Gerson H. Smoger, Oakland, CA, Smoger & Associates, P.C., Anthony Tarricone, Boston, MA, and Kreindler & Kreindler, LLP, on brief for Senator Sheldon Whitehouse, Senator Jack Reed, and Senator Edward Markey, amicus curiae.
Scott L. Nelson, Allison M. Zieve, and Public Citizen Litigation Group, Washington, DC, were on brief for Public Citizen, amicus curiae.
Robert S. Peck and Center For Constitutional Litigation, P.C., Washington, DC, on brief for The National League of Cities; The U.S. Conference of Mayors; and The International Municipal Lawyers Association, amicus curiae.
Amy Williams-Derry, Daniel P. Mensher, Alison S. Gaffney, and Keller Rohrback L.L.P., Seattle, WA, on brief for Robert Brulle, Center for Climate Integrity, Justin Farrell, Benjamin Franta, Stephan Lewandowsky, Naomi Oreskes, Geoffrey Supran, and The Union of Concerned Scientists, amicus curiae.
William A. Rossbach and Rossbach Law, PC on brief for Mario J. Molina, Michael Oppenheimer, Robert E. Kopp, Friederike Otto, Susanne C. Moser, Donald J. Wuebbles, Gary B. Griggs, Peter C. Frumhoff and Kristina Dahl, amicus curiae.
Peter Huffman on brief for Natural Resources Defense Council, amicus curiae.
Xavier Becerra, Attorney General for the State of California, David A. Zonana, Supervising Deputy Attorney General, Erin Ganahl, Deputy Attorney General, Heather Leslie, Deputy Attorney General, Maura Healey, Attorney General for the Commonwealth of Massachusetts, Seth Schofield, Senior Appellate Counsel, William Tong, Attorney General of Connecticut, Kathleen Jennings, Attorney General of Delaware, Clare E. Connors, Attorney General of Hawaii, Aaron M. Frey, Attorney General of Maine, Brian E. Frosh, Attorney General of Maryland, Keith Ellison, Attorney General of Minnesota, Gurbir S. Grewal, Attorney General of New Jersey, Letitia James, Attorney General of New York, Ellen F. Rosenblum, Attorney General of Oregon, Thomas J. Donovan, Attorney General of Vermont, and Robert W. Ferguson, Attorney General of Washington on brief for Commonwealth of Massachusetts, State of California, State of Connecticut, State of Delaware, State of Hawaii, State of Maine, State of Maryland, State of Minnesota, State of New Jersey, State of New York, State of Oregon, State of Vermont, and State of Washington, amicus curiae.
Matthew D. Hardin on brief for Energy Policy Advocates, amicus curiae.
Before Howard, Chief Judge and Thompson, Circuit Judge.
Judge Torruella heard oral argument in this matter and participated in the semble, but he did not participate in the issuance of the panel's opinion in this case.
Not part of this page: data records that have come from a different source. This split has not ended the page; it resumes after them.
(* Let $p=4k+1$ be a prime, let $J(k)=\sum_{i=1}^{4k-2}\big(\frac{i(i+1)(i+2)}{p}\big)$ and $d(k)=\frac{J(k)^2-4}{32}$, and let $S\subset\mathbb{P}^5$ be the surface over $\mathbb{F}_p$ defined by $x_1^2-x_2^2=x_3^2$, $x_0^2-x_1^2=x_4^2$, $x_0^2-x_2^2=x_5^2$. Then $$n_p(K_4)=\frac{k(k-1)(k-4)+2k\,d(k)}{24}\quad\text{if and only if}\quad |S(\mathbb{F}_p)|=(p+1)^2+J(k)^2 .$$
   Context: $\big(\frac{a}{p}\big)$ is the Legendre symbol. $n_p(K_4)$ is the number of $4$-tuples $(r_1,r_2,r_3,r_4)$ of pairwise distinct residues modulo $p$ such that all differences $r_i-r_j$ ($i\neq j$) are nonzero quadratic residues mod $p$, where tuples differing by a permutation of entries or by adding the same residue to all entries are identified. *)

From HB Require Import structures.
From mathcomp Require Import all_boot all_order all_algebra.
Set Implicit Arguments. Unset Strict Implicit. Unset Printing Implicit Defensive.
Import Order.TTheory GRing.Theory Num.Theory.
Local Open Scope ring_scope.

Definition legendre (p a : nat) : int :=
  if (p %| a)%N then 0
  else if [exists y : 'I_p, ((y * y) %% p == a %% p)%N] then 1 else -1.

Definition Jk (k : nat) : int :=
  \sum_(1 <= i < (4 * k - 2).+1) legendre (4 * k + 1) (i * (i + 1) * (i + 2)).
Lemma C2_on3_slice (Om : R -> R -> R -> Prop) (F : R -> R -> R -> R) (x0 : R)
    (V : R -> R -> Prop) :
  C2_on3 Om F -> (forall y1 y2, V y1 y2 -> Om x0 y1 y2) -> C2_on2 V (F x0).
Proof.
  intros HC HV.
  split; [|split];
    [apply (C1_on2_slice F) | apply (C1_on2_slice (d1 F)) | apply (C1_on2_slice (d2 F))];
    intros y1 y2 Hy; apply (C2_on3_C1_at3 _ _ _ _ _ HC (HV _ _ Hy)).
Qed.

Section Ball.
Variables p0 p1 p2 r : R.

Lemma ball3_const0 (G : R -> R -> R -> R) :
  (forall x0 x1 x2, ball3 p0 p1 p2 r x0 x1 x2 -> is_derive (fun t => G t x1 x2) x0 0) ->
  forall x0 x1 x2, ball3 p0 p1 p2 r x0 x1 x2 -> G x0 x1 x2 = G p0 x1 x2.
Proof.
  intros HG x0 x1 x2 (H0 & H1 & H2).
  apply (is_derive_0_const (fun t => G t x1 x2) p0 r x0); [|exact H0].
  intros t Ht. apply HG. repeat split; assumption.
Qed.

Lemma ball3_const1 (G : R -> R -> R -> R) :
  (forall x0 x1 x2, ball3 p0 p1 p2 r x0 x1 x2 -> is_derive (fun t => G x0 t x2) x1 0) ->
  forall x0 x1 x2, ball3 p0 p1 p2 r x0 x1 x2 -> G x0 x1 x2 = G x0 p1 x2.
Proof.
  intros HG x0 x1 x2 (H0 & H1 & H2).
  apply (is_derive_0_const (fun t => G x0 t x2) p1 r x1); [|exact H1].
  intros t Ht. apply HG. repeat split; assumption.
Qed.

Lemma ball3_const2 (G : R -> R -> R -> R) :
  (forall x0 x1 x2, ball3 p0 p1 p2 r x0 x1 x2 -> is_derive (fun t => G x0 x1 t) x2 0) ->
  forall x0 x1 x2, ball3 p0 p1 p2 r x0 x1 x2 -> G x0 x1 x2 = G x0 x1 p2.
Proof.
  intros HG x0 x1 x2 (H0 & H1 & H2).
  apply (is_derive_0_const (fun t => G x0 x1 t) p2 r x2); [|exact H2].
  intros t Ht. apply HG. repeat split; assumption.
Qed.

Variable F : R -> R -> R -> R.
Hypothesis Hr : 0 < r.
Hypothesis HC : C2_on3 (ball3 p0 p1 p2 r) F.
Hypothesis HZ : forall x0 x1 x2, ball3 p0 p1 p2 r x0 x1 x2 -> inframonogenic_system F x0 x1 x2.

Let square (y1 y2 : R) : Prop := Rabs (y1 - p1) < r /\ Rabs (y2 - p2) < r.

Lemma Rabs_sub_diag_lt (a : R) : Rabs (a - a) < r.
Proof. rewrite Rminus_eq_0, Rabs_R0. exact Hr. Qed.

Lemma ball3_cross_derivatives_0 x0 x1 x2 : ball3 p0 p1 p2 r x0 x1 x2 ->
  is_derive (fun t => d0 F x0 t x2) x1 0 /\ is_derive (fun t => d0 F x0 x1 t) x2 0 /\
  is_derive (fun t => d1 F t x1 x2) x0 0 /\ is_derive (fun t => d2 F t x1 x2) x0 0.
Proof.
  intro Hx. destruct (HZ _ _ _ Hx) as (Z10 & Z20 & Z01 & Z02 & _).
  destruct (C2_on3_C1_at3 _ _ _ _ _ HC Hx) as (_ & H0 & H1 & H2).
  destruct (C1_at3_is_derive _ _ _ _ H0) as (_ & D10 & D20).
  destruct (C1_at3_is_derive _ _ _ _ H1) as (D01 & _).
  destruct (C1_at3_is_derive _ _ _ _ H2) as (D02 & _).
  rewrite Z10 in D10; rewrite Z20 in D20; rewrite Z01 in D01; rewrite Z02 in D02.
  exact (conj D10 (conj D20 (conj D01 D02))).
Qed.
The remaining two panelists therefore issued the opinion pursuant to 28 U.S.C. § 46(d).
THOMPSON, Circuit Judge. Rhode Island is salty about losing its already limited square footage to rising sea levels caused by climate change. Facing property damage from extreme weather events and otherwise losing money to the effects of climate change, Rhode Island sued a slew of oil and gas companies for the damage caused by fossil fuels while those companies misled the public about their products' true risks.
Because those claims were state law claims, Rhode Island filed suit in state court. The oil companies, seeing many grounds for federal jurisdiction, removed the case to federal district court. Rhode Island opposed removal and asked that the district court kindly return the lawsuit to state court. The district court obliged and allowed Rhode Island's motion for remand.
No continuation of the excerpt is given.